Passados dois anos desde a sua última aparição em solo português, o desejo de matar saudades de Pond era imenso, havendo um enorme aglomerado de fãs a ocupar os lugares da frente do Palco NOS. Com dois dos seus membros a terem fortes ligações com os Tame Impala, eram muitos aqueles que usavam t-shirts da banda de “Let It Happen”, mas essas são das poucas semelhanças que podem ser estabelecidas entre ambas as bandas: os Pond abordam uma temática psicadélica mais vocacionada para o garage e o acid. “Elvis’ Flaming Star”, “Waiting Around For Grace” ou “Don’t Look at the Sun or You’ll Go Blind” foram alguns dos temas que mantiveram o ritmo frenético durante todo o concerto, embora faltasse um público tão recetivo como aquele que vimos em Paredes de Coura, em 2015.

O horário diurno não é o mais indicado para um concerto de Pond, faltando-lhes um jogo de luzes e de vídeo que vá em conta com o seu psicadelismo alucinante característico.
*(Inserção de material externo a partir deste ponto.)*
(* C^k regularity, via continuity of all partial derivatives (along the
   given finite family of coordinate directions) up to order k. *)
Fixpoint Ck_dirs (V W : normedModType R) (dirs : seq V) (k : nat) (F : V -> W) : Prop :=
  match k with
  | 0 => continuous F
  | k'.+1 => continuous F /\
      forall v, v \in dirs ->
        (forall x, derivable F x v) /\ Ck_dirs dirs k' (fun x => 'D_v F x)
  end.

Definition coord_dirs n : seq 'cV[R]_n := [seq delta_mx i 0 | i <- enum 'I_n].

Definition Ck n (W : normedModType R) (k : nat) (F : 'cV[R]_n -> W) : Prop :=
  Ck_dirs (coord_dirs n) k F.

Definition Ck1 (k : nat) (F : R -> R) : Prop := Ck_dirs [:: (1 : R)] k F.

(* class K function (on the whole real line) *)
Definition classK (G : R -> R) : Prop :=
  continuous G /\ {mono G : x y / x < y} /\ G 0 = 0.

Definition boundary (T : topologicalType) (A : set T) : set T :=
  closure A `\` interior A.

Definition is_MPinv m n (A : 'M[R]_(m, n)) (B : 'M[R]_(n, m)) : Prop :=
  [/\ A *m B *m A = A, B *m A *m B = B,
      (A *m B)^T = A *m B & (B *m A)^T = B *m A].
Definition MPinv m n (A : 'M[R]_(m, n)) : 'M[R]_(n, m) :=
  xget 0 [set B | is_MPinv A B].

Definition Lie n (F : 'cV[R]_n -> 'cV[R]_n) (H : 'cV[R]_n -> R) : 'cV[R]_n -> R :=
  fun x => 'D_(F x) H x.
Definition Lie_iter n (F : 'cV[R]_n -> 'cV[R]_n) (k : nat) (H : 'cV[R]_n -> R) :=
  iter k (Lie F) H.
Definition LieG n nu (G : 'cV[R]_n -> 'M[R]_(n, nu)) (H : 'cV[R]_n -> R)
  : 'cV[R]_n -> 'rV[R]_nu :=
  fun x => \row_j 'D_(col j (G x)) H x.

Definition rel_degree n nu (F : 'cV[R]_n -> 'cV[R]_n) (G : 'cV[R]_n -> 'M[R]_(n, nu))
  (H : 'cV[R]_n -> R) (m : nat) : Prop :=
  forall i, (i.+2 <= m)%N -> forall x, LieG G (Lie_iter F i H) x = 0.

Fixpoint psi n (F : 'cV[R]_n -> 'cV[R]_n) (Gam : nat -> R -> R)
  (H : 'cV[R]_n -> R) (i : nat) : 'cV[R]_n -> R :=
  match i with
  | 0 => H
  | i'.+1 => fun x => Lie F (psi F Gam H i') x + Gam i (psi F Gam H i' x)
  end.

Definition acbf n nu (F : 'cV[R]_n -> 'cV[R]_n) (G : 'cV[R]_n -> 'M[R]_(n, nu))
  (H : 'cV[R]_n -> R) (m : nat) : 'cV[R]_n -> 'cV[R]_nu :=
  fun x => (LieG G (Lie_iter F m.-1 H) x)^T.

Definition bcbf n (F : 'cV[R]_n -> 'cV[R]_n) (Gam : nat -> R -> R)
  (H : 'cV[R]_n -> R) (m : nat) : 'cV[R]_n -> R :=
  fun x => - Lie_iter F m H x
           - \sum_(i < m) Lie_iter F i (fun y => Gam (m - i)%N (psi F Gam H (m - i - 1)%N y)) x.

End Defs.

(* At a closed-loop equilibrium (x_e, u_e) we have x_e in X_e, so P(x_e) = x_e,
   and the full column rank of g(x_e) gives zeta(x_e) = u_e.  The second
   constraint then reads d(h(x_e), 0) <= 0, hence h(x_e) <> 0 since d(0,0) > 0.
   The vector field f + g u_e vanishes at x_e, so every directional derivative
   along it is zero there; by the relative degree assumption this says that
   L_f L_f^i h (x_e) = 0 for i <= m - 2, and the chain rule propagates this to
   every function built from these by sums, products and compositions, in
   particular to L_f psi_k and to the higher summands of b.  Thus
   psi_k(x_e) = Gamma_k(psi_(k-1)(x_e)) and
   a(x_e)^T u_e - b(x_e) = Gamma_m(psi_(m-1)(x_e)), which is nonzero because
   h(x_e) <> 0: the CBF constraint is inactive at u_e.  As u_e is also interior
   to U, near u_e the feasible set is the half-space
   c(x_e)^T (u - u_e) >= d(h(x_e), 0), or all of R^nu when d(h(x_e), 0) < 0,
   and the first-order condition for u_e to be the point of it nearest to
   u_n(x_e) is the stated dichotomy. *)

From HB Require Import structures.
From mathcomp Require Import all_boot all_order all_algebra.
From mathcomp Require Import all_classical all_reals all_analysis.
From mathcomp Require Import zify lra.
Import Order.TTheory GRing.Theory Num.Theory.
Import numFieldNormedType.Exports.
Local Open Scope classical_set_scope.
Local Open Scope ring_scope.
Set Implicit Arguments. Unset Strict Implicit. Unset Printing Implicit Defensive.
Todavia, Nick Allbrook não deixou de revelar os seus tiques de rebeldia ao saltar para o meio do público e a juntar-se aos mesmos para cantar “Paint Me Silver”. Terminando o concerto com as saudações da praxe e com uma fotografia a ser usada na capa do eventual próximo disco da banda, “The Weather” não conseguiu salvar a atuação a meio gás dos Pond – muitos foram abandonado a frente do Palco NOS ao longo do concerto – esperando-se que, quando regressarem ao nosso país, possam usufruir de um horário que condiz melhor com o seu estilo.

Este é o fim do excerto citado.